▶ [SOURCE RECORDS]:
(* Fix $N\ge1$, $B>0$, $a_{\max}>0$, and for each $n$: $a_n\ge0$, $\zeta_n\in(0,1]$, $\beta_n\ge0$, integers $\tau_n\ge1$, $D_n\ge1$. Call a pair of vectors $(\mathbf p,\mathbf q)\in[0,1]^N\times[0,1]^N$ admissible if $0\le q_n<p_n\le1$ and $q_n\le a_n/a_{\max}\le p_n$ for all $n$. For admissible $(\mathbf p,\mathbf q)$ let $\phi_I^*(\mathbf p,\mathbf q)=\min_{\lambda\ge0}g_I(\lambda;\mathbf p,\mathbf q)$, where $g_I$ is defined below. Then: (i) for fixed $\mathbf p$, if $(\mathbf p,\mathbf q)$ and $(\mathbf p,\mathbf q')$ are admissible and $\mathbf q\le\mathbf q'$ componentwise, then $\phi_I^*(\mathbf p,\mathbf q)\ge\phi_I^*(\mathbf p,\mathbf q')$; (ii) if $(\mathbf p,\mathbf 0)$ and $(\mathbf p',\mathbf 0)$ are admissible and $\mathbf p\le\mathbf p'$ componentwise, then $\phi_I^*(\mathbf p,\mathbf 0)\le\phi_I^*(\mathbf p',\mathbf 0)$.
   Context: Put $\tilde a_n=\frac{a_n-a_{\max}q_n}{p_n-q_n}$. For $\lambda\ge0$ and $n$ with $\zeta_n\beta_n>\lambda$, let $c_n(\lambda)=\frac{\lambda}{(\zeta_n\beta_n-\lambda)(1-\zeta_n)^{\tau_n}+\lambda}$ and $v_n(\lambda)=p_n\frac{1-(1-\zeta_n)^{\tau_n}}{\zeta_n}(\zeta_n\beta_n-\lambda)$ if $p_n\le c_n(\lambda)$, and $v_n(\lambda)=-(1-p_n)\frac{1-(1-\zeta_n)^{D_n}}{\zeta_n}\lambda+p_n\frac{1-(1-\zeta_n)^{\tau_n+D_n}}{\zeta_n}(\zeta_n\beta_n-\lambda)$ if $p_n>c_n(\lambda)$. Define $g_I(\lambda;\mathbf p,\mathbf q)=\lambda B+\sum_{n:\ \zeta_n\beta_n>\lambda}\big[\tilde a_n v_n(\lambda)+(a_{\max}-\tilde a_n)q_n\frac{1-(1-\zeta_n)^{\tau_n}}{\zeta_n}(\zeta_n\beta_n-\lambda)\big]$. This is the Lagrange dual function of the weighted timely-throughput problem with static channels, binary resource levels and imperfect prediction with true-positive rates $\mathbf p$ and false-negative rates $\mathbf q$; $\phi_I^*$ is the optimal weighted timely-throughput. *)

From Stdlib Require Import Reals Lra ClassicalEpsilon.
Open Scope R_scope.

Fixpoint sumN (N : nat) (f : nat -> R) : R :=
  match N with
  | O => 0
  | S k => sumN k f + f k
  end.

Definition geo (z : R) (k : nat) : R := (1 - (1 - z) ^ k) / z.

Section Model.
Variables (B amax : R) (a zeta beta : nat -> R) (tau D : nat -> nat).

Definition atilde (p q : nat -> R) (n : nat) : R :=
  (a n - amax * q n) / (p n - q n).

Definition c_thr (lam : R) (n : nat) : R :=
  lam / ((zeta n * beta n - lam) * (1 - zeta n) ^ (tau n) + lam).

Definition v_term (lam : R) (p : nat -> R) (n : nat) : R :=
  if Rle_dec (p n) (c_thr lam n) then
    p n * geo (zeta n) (tau n) * (zeta n * beta n - lam)
  else
    - (1 - p n) * geo (zeta n) (D n) * lam
    + p n * geo (zeta n) (tau n + D n) * (zeta n * beta n - lam).

Definition g_I (N : nat) (lam : R) (p q : nat -> R) : R :=
  lam * B + sumN N (fun n =>
    if Rlt_dec lam (zeta n * beta n) then
      atilde p q n * v_term lam p n
      + (amax - atilde p q n) * q n * geo (zeta n) (tau n) * (zeta n * beta n - lam)
    else 0).

Definition is_minimizer (N : nat) (p q : nat -> R) (lam0 : R) : Prop :=
  0 <= lam0 /\ forall lam, 0 <= lam -> g_I N lam0 p q <= g_I N lam p q.

Definition phi_I (N : nat) (p q : nat -> R) : R :=
  g_I N (epsilon (inhabits 0) (is_minimizer N p q)) p q.

Definition admissible (N : nat) (p q : nat -> R) : Prop :=
  forall n, (n < N)%nat ->
    0 <= q n /\ q n < p n /\ p n <= 1 /\ q n <= a n / amax /\ a n / amax <= p n.
End Model.

From Stdlib Require Import Reals Lra Psatz ClassicalEpsilon FunctionalExtensionality.
Open Scope R_scope.

(* v_n(λ) is always the larger of its two branches (they cross exactly at
   p_n = c_n(λ)), so for λ >= 0 the dual function g_I coincides with a
   continuous function built from affine maps and max, and it equals λ B once
   λ >= ζ_n β_n for all n.  Its minimum over λ >= 0 is therefore attained on a
   compact interval, and φ_I^* inherits every pointwise comparison of dual
   functions.  These comparisons hold summand by summand.  With
   X = ζ_n β_n - λ, G = (1 - (1 - ζ_n)^τ_n) / ζ_n and k = a_max p_n - a_n >= 0,
   a summand equals a_max v_n - k G X - k (v_n - p_n G X) / (p_n - q_n), which
   decreases in q_n because v_n >= p_n G X.  For q = 0 it equals
   max (a_n G X, a_n G' X + a_n G_D λ (1 - 1/p_n)), with G' and G_D the analogous
   sums for τ_n + D_n and D_n, which increases in p_n. *)

Lemma geo_nonneg z k : 0 < z <= 1 -> 0 <= geo z k.
Proof.
  intros Hz; unfold geo.
  assert (Hk : (1 - z) ^ k <= 1 ^ k) by (apply pow_incr; lra).
  rewrite pow1 in Hk.
  apply Rmult_le_pos; [lra | left; apply Rinv_0_lt_compat; lra].
Qed.

Lemma geo_add z t d : z <> 0 -> geo z (t + d) = geo z t + (1 - z) ^ t * geo z d.
Proof. intros Hz; unfold geo; rewrite pow_add; field; exact Hz. Qed.

Lemma sumN_ext N f g : (forall n, (n < N)%nat -> f n = g n) -> sumN N f = sumN N g.
Proof. induction N as [|N IH]; intros H; simpl; [reflexivity|]. rewrite IH, H; auto. Qed.

Lemma sumN_le N f g : (forall n, (n < N)%nat -> f n <= g n) -> sumN N f <= sumN N g.
Proof. induction N as [|N IH]; intros H; simpl; [lra|]. apply Rplus_le_compat; auto. Qed.

Lemma sumN_nonneg N f : (forall n, (n < N)%nat -> 0 <= f n) -> 0 <= sumN N f.
Proof.
  induction N as [|N IH]; intros H; simpl; [lra|].
  assert (0 <= sumN N f) by (apply IH; intros; apply H; lia).
  assert (0 <= f N) by (apply H; lia).
  lra.
Qed.

Lemma sumN_ge_term N f : (forall n, (n < N)%nat -> 0 <= f n) ->
  forall k, (k < N)%nat -> f k <= sumN N f.
Proof.
  induction N as [|N IH]; intros H k Hk; simpl; [lia|].
  assert (H0 : 0 <= sumN N f) by (apply sumN_nonneg; intros; apply H; lia).
  destruct (Nat.eq_dec k N) as [->|Hne]; [lra|].
  assert (f k <= sumN N f) by (apply IH; [intros; apply H|]; lia).
  assert (0 <= f N) by (apply H; lia). lra.
Qed.

Lemma continuity_cst c : continuity (fun _ : R => c).
Proof. apply continuity_const; intros ? ?; reflexivity. Qed.

Lemma continuity_sumN N (h : nat -> R -> R) :
  (forall n, continuity (h n)) -> continuity (fun x => sumN N (fun n => h n x)).
Proof.
  intros H; induction N as [|N IH]; simpl.
  - apply continuity_cst.
  - exact (continuity_plus _ (h N) IH (H N)).
Qed.

Lemma continuity_Rmax f g :
  continuity f -> continuity g -> continuity (fun x => Rmax (f x) (g x)).
Proof.
  intros Hf Hg.
  replace (fun x => Rmax (f x) (g x))
    with (fun x => (f x + g x + Rabs (f x - g x)) * / 2).
  - apply (continuity_mult _ (fun _ => / 2)).
    + apply (continuity_plus (fun x => f x + g x)); [now apply continuity_plus|].
      exact (continuity_comp _ Rabs (continuity_minus f g Hf Hg) Rcontinuity_abs).
    + apply continuity_cst.
  - apply functional_extensionality; intros x; unfold Rmax.
    destruct (Rle_dec (f x) (g x)); [rewrite Rabs_left1 | rewrite Rabs_right]; lra.
Qed.

Section DualFunction.
Variables (B amax : R) (a zeta beta : nat -> R) (tau D : nat -> nat).

Definition v_short (lam : R) (p : nat -> R) (n : nat) : R :=
  p n * geo (zeta n) (tau n) * (zeta n * beta n - lam).

Definition v_long (lam : R) (p : nat -> R) (n : nat) : R :=
  - (1 - p n) * geo (zeta n) (D n) * lam
  + p n * geo (zeta n) (tau n + D n) * (zeta n * beta n - lam).

Lemma v_term_Rmax lam p n :
  0 < zeta n <= 1 -> 0 <= p n -> 0 <= lam < zeta n * beta n ->
  v_term zeta beta tau D lam p n = Rmax (v_short lam p n) (v_long lam p n).
Proof.
  intros Hz Hp Hlam; unfold v_term, c_thr.
  set (E := (1 - zeta n) ^ tau n).
  set (den := (zeta n * beta n - lam) * E + lam).
  assert (HE : 0 <= E) by (apply pow_le; lra).
  assert (Hden : 0 <= den) by (unfold den; nra).
  assert (HgD := geo_nonneg (zeta n) (D n) Hz).
  assert (Hdiff : v_long lam p n - v_short lam p n = geo (zeta n) (D n) * (p n * den - lam)).
  { unfold v_long, v_short, den, E; rewrite geo_add by lra; ring. }
  destruct (Req_dec den 0) as [H0|H0].
  - (* then λ = 0, and c_n(λ) = λ / 0 = 0 by Rocq's convention *)
    assert (lam = 0) by (unfold den in H0; nra).
    rewrite H0 in Hdiff |- *; unfold Rdiv; rewrite Rinv_0, Rmult_0_r.
    fold (v_short lam p n) (v_long lam p n).
    destruct (Rle_dec (p n) 0); [rewrite Rmax_left | rewrite Rmax_right]; nra.
  - assert (Hden' : 0 < den) by lra.
    destruct (Rle_dec (p n) (lam / den)) as [Hle|Hgt].
    + apply (Rmult_le_compat_r den) in Hle; [|lra].
      unfold Rdiv in Hle; rewrite Rmult_assoc, Rinv_l, Rmult_1_r in Hle by lra.
      rewrite Rmax_left; [reflexivity | nra].
    + apply Rnot_le_lt, (Rmult_lt_compat_r den) in Hgt; [|lra].
      unfold Rdiv in Hgt; rewrite Rmult_assoc, Rinv_l, Rmult_1_r in Hgt by lra.
      rewrite Rmax_right; [reflexivity | nra].
Qed.

Definition g_summand (lam : R) (p q : nat -> R) (n : nat) : R :=
  if Rlt_dec lam (zeta n * beta n) then
    atilde amax a p q n * v_term zeta beta tau D lam p n
    + (amax - atilde amax a p q n) * q n * geo (zeta n) (tau n) * (zeta n * beta n - lam)
  else 0.

Lemma g_I_sumN N lam p q :
  g_I B amax a zeta beta tau D N lam p q = lam * B + sumN N (g_summand lam p q).
Proof. reflexivity. Qed.

Definition g_summand_ext (p q : nat -> R) (n : nat) (lam : R) : R :=
  atilde amax a p q n * Rmax 0 (Rmax (v_short lam p n) (v_long lam p n))
  + (amax - atilde amax a p q n) * q n * geo (zeta n) (tau n)
    * Rmax 0 (zeta n * beta n - lam).

Lemma continuity_g_summand_ext p q n : continuity (g_summand_ext p q n).
Proof.
  unfold g_summand_ext, v_short, v_long.
  apply (continuity_plus (fun lam => _ * Rmax 0 _) (fun lam => _ * Rmax 0 _));
    apply (continuity_mult (fun _ => _)); try apply continuity_cst;
    apply (continuity_Rmax (fun _ => 0)); try apply continuity_cst.
  - apply continuity_Rmax; apply derivable_continuous; reg.
  - apply derivable_continuous; reg.
Qed.

Lemma g_summand_eq_ext lam p q n :
  0 < zeta n <= 1 -> 0 <= p n <= 1 -> 0 <= lam ->
  g_summand lam p q n = g_summand_ext p q n lam.
Proof.
  intros Hz Hp Hlam; unfold g_summand, g_summand_ext.
  assert (G1 := geo_nonneg (zeta n) (tau n) Hz).
  assert (G2 := geo_nonneg (zeta n) (D n) Hz).
  assert (G3 := geo_nonneg (zeta n) (tau n + D n) Hz).
  destruct (Rlt_dec lam (zeta n * beta n)) as [Hlt|Hge].
  - rewrite v_term_Rmax by lra.
    assert (Hshort : 0 <= v_short lam p n)
      by (unfold v_short; apply Rmult_le_pos; [apply Rmult_le_pos|]; lra).
    rewrite (Rmax_right 0 (zeta n * beta n - lam)), (Rmax_right 0 (Rmax _ _))
      by (try apply (Rle_trans _ _ _ Hshort), Rmax_l; lra).
    reflexivity.
  - assert (v_short lam p n <= 0).
    { unfold v_short.
      assert (0 <= p n * geo (zeta n) (tau n)) by (apply Rmult_le_pos; lra). nra. }
    assert (v_long lam p n <= 0).
    { unfold v_long.
      assert (0 <= p n * geo (zeta n) (tau n + D n)) by (apply Rmult_le_pos; lra).
      assert (0 <= (1 - p n) * geo (zeta n) (D n)) by (apply Rmult_le_pos; lra). nra. }
    rewrite (Rmax_left 0 (zeta n * beta n - lam)), (Rmax_left 0 (Rmax _ _))
      by (try apply Rmax_lub; lra).
    ring.
Qed.

Section Minimum.
Variable N : nat.
Hypothesis HB : 0 < B.
Hypothesis Hzeta : forall n, (n < N)%nat -> 0 < zeta n <= 1.

Definition g_I_ext (p q : nat -> R) (lam : R) : R :=
  lam * B + sumN N (fun n => g_summand_ext p q n lam).

Lemma continuity_g_I_ext p q : continuity (g_I_ext p q).
Proof.
  apply (continuity_plus (fun lam => lam * B)).
  - apply derivable_continuous; reg.
  - apply continuity_sumN; intros n; apply continuity_g_summand_ext.
Qed.

Lemma g_I_eq_ext p q lam :
  (forall n, (n < N)%nat -> 0 <= p n <= 1) -> 0 <= lam ->
  g_I B amax a zeta beta tau D N lam p q = g_I_ext p q lam.
Proof.
  intros Hp Hlam; rewrite g_I_sumN; unfold g_I_ext.
  f_equal; apply sumN_ext; intros n Hn.
  apply g_summand_eq_ext; auto.
Qed.

Lemma g_I_beyond p q lam :
  (forall n, (n < N)%nat -> zeta n * beta n <= lam) ->
  g_I B amax a zeta beta tau D N lam p q = lam * B.
Proof.
  intros H; rewrite g_I_sumN, (sumN_ext N _ (fun _ => 0)).
  - clear; induction N as [|k IH]; simpl; lra.
  - intros n Hn; unfold g_summand.
    destruct (Rlt_dec lam (zeta n * beta n)); [specialize (H n Hn); lra | reflexivity].
Qed.

Lemma exists_minimizer p q :
  (forall n, (n < N)%nat -> 0 <= p n <= 1) ->
  exists lam0, is_minimizer B amax a zeta beta tau D N p q lam0.
Proof.
  intros Hp.
  set (M := sumN N (fun n => Rabs (zeta n * beta n))).
  assert (HM : forall n, (n < N)%nat -> zeta n * beta n <= M).
  { intros n Hn; apply (Rle_trans _ _ _ (RRle_abs _)).
    apply (sumN_ge_term N (fun k => Rabs (zeta k * beta k))); auto using Rabs_pos. }
  assert (HM0 : 0 <= M) by (apply sumN_nonneg; auto using Rabs_pos).
  destruct (continuity_ab_min (g_I_ext p q) 0 M HM0
              (fun c _ => continuity_g_I_ext p q c)) as [lam0 [Hmin Hlam0]].
  exists lam0; split; [lra|]; intros lam Hlam.
  rewrite g_I_eq_ext by (auto; lra).
  destruct (Rle_dec lam M) as [HlM|HlM].
  - rewrite g_I_eq_ext by auto; apply Hmin; lra.
  - rewrite g_I_beyond by (intros n Hn; specialize (HM n Hn); lra).
    apply (Rle_trans _ (g_I_ext p q M)); [apply Hmin; lra|].
    rewrite <- g_I_eq_ext, g_I_beyond by (auto; lra). nra.
Qed.

Lemma phi_I_le p q p' q' :
  (forall n, (n < N)%nat -> 0 <= p n <= 1) ->
  (forall n, (n < N)%nat -> 0 <= p' n <= 1) ->
  (forall lam, 0 <= lam ->
     g_I B amax a zeta beta tau D N lam p' q' <= g_I B amax a zeta beta tau D N lam p q) ->
  phi_I B amax a zeta beta tau D N p' q' <= phi_I B amax a zeta beta tau D N p q.
Proof.
  intros Hp Hp' Hg; unfold phi_I.
  destruct (epsilon_spec (inhabits 0) _ (exists_minimizer p q Hp)) as [H0 _].
  destruct (epsilon_spec (inhabits 0) _ (exists_minimizer p' q' Hp')) as [_ Hmin'].
  eapply Rle_trans; [apply Hmin', H0 | apply Hg, H0].
Qed.

End Minimum.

▶ [YOUR INSTRUCTIONS]:
Within the data above, the lines from the one with "by (try apply Rmax_lub; lra)." to the one with "destruct (continuity_ab_min (g_I_ext" must be repeated exactly; no other line belongs in the answer.

▶ [WRITTEN ANSWER]:
      by (try apply Rmax_lub; lra).
    ring.
Qed.

Section Minimum.
Variable N : nat.
Hypothesis HB : 0 < B.
Hypothesis Hzeta : forall n, (n < N)%nat -> 0 < zeta n <= 1.

Definition g_I_ext (p q : nat -> R) (lam : R) : R :=
  lam * B + sumN N (fun n => g_summand_ext p q n lam).

Lemma continuity_g_I_ext p q : continuity (g_I_ext p q).
Proof.
  apply (continuity_plus (fun lam => lam * B)).
  - apply derivable_continuous; reg.
  - apply continuity_sumN; intros n; apply continuity_g_summand_ext.
Qed.

Lemma g_I_eq_ext p q lam :
  (forall n, (n < N)%nat -> 0 <= p n <= 1) -> 0 <= lam ->
  g_I B amax a zeta beta tau D N lam p q = g_I_ext p q lam.
Proof.
  intros Hp Hlam; rewrite g_I_sumN; unfold g_I_ext.
  f_equal; apply sumN_ext; intros n Hn.
  apply g_summand_eq_ext; auto.
Qed.

Lemma g_I_beyond p q lam :
  (forall n, (n < N)%nat -> zeta n * beta n <= lam) ->
  g_I B amax a zeta beta tau D N lam p q = lam * B.
Proof.
  intros H; rewrite g_I_sumN, (sumN_ext N _ (fun _ => 0)).
  - clear; induction N as [|k IH]; simpl; lra.
  - intros n Hn; unfold g_summand.
    destruct (Rlt_dec lam (zeta n * beta n)); [specialize (H n Hn); lra | reflexivity].
Qed.

Lemma exists_minimizer p q :
  (forall n, (n < N)%nat -> 0 <= p n <= 1) ->
  exists lam0, is_minimizer B amax a zeta beta tau D N p q lam0.
Proof.
  intros Hp.
  set (M := sumN N (fun n => Rabs (zeta n * beta n))).
  assert (HM : forall n, (n < N)%nat -> zeta n * beta n <= M).
  { intros n Hn; apply (Rle_trans _ _ _ (RRle_abs _)).
    apply (sumN_ge_term N (fun k => Rabs (zeta k * beta k))); auto using Rabs_pos. }
  assert (HM0 : 0 <= M) by (apply sumN_nonneg; auto using Rabs_pos).
  destruct (continuity_ab_min (g_I_ext p q) 0 M HM0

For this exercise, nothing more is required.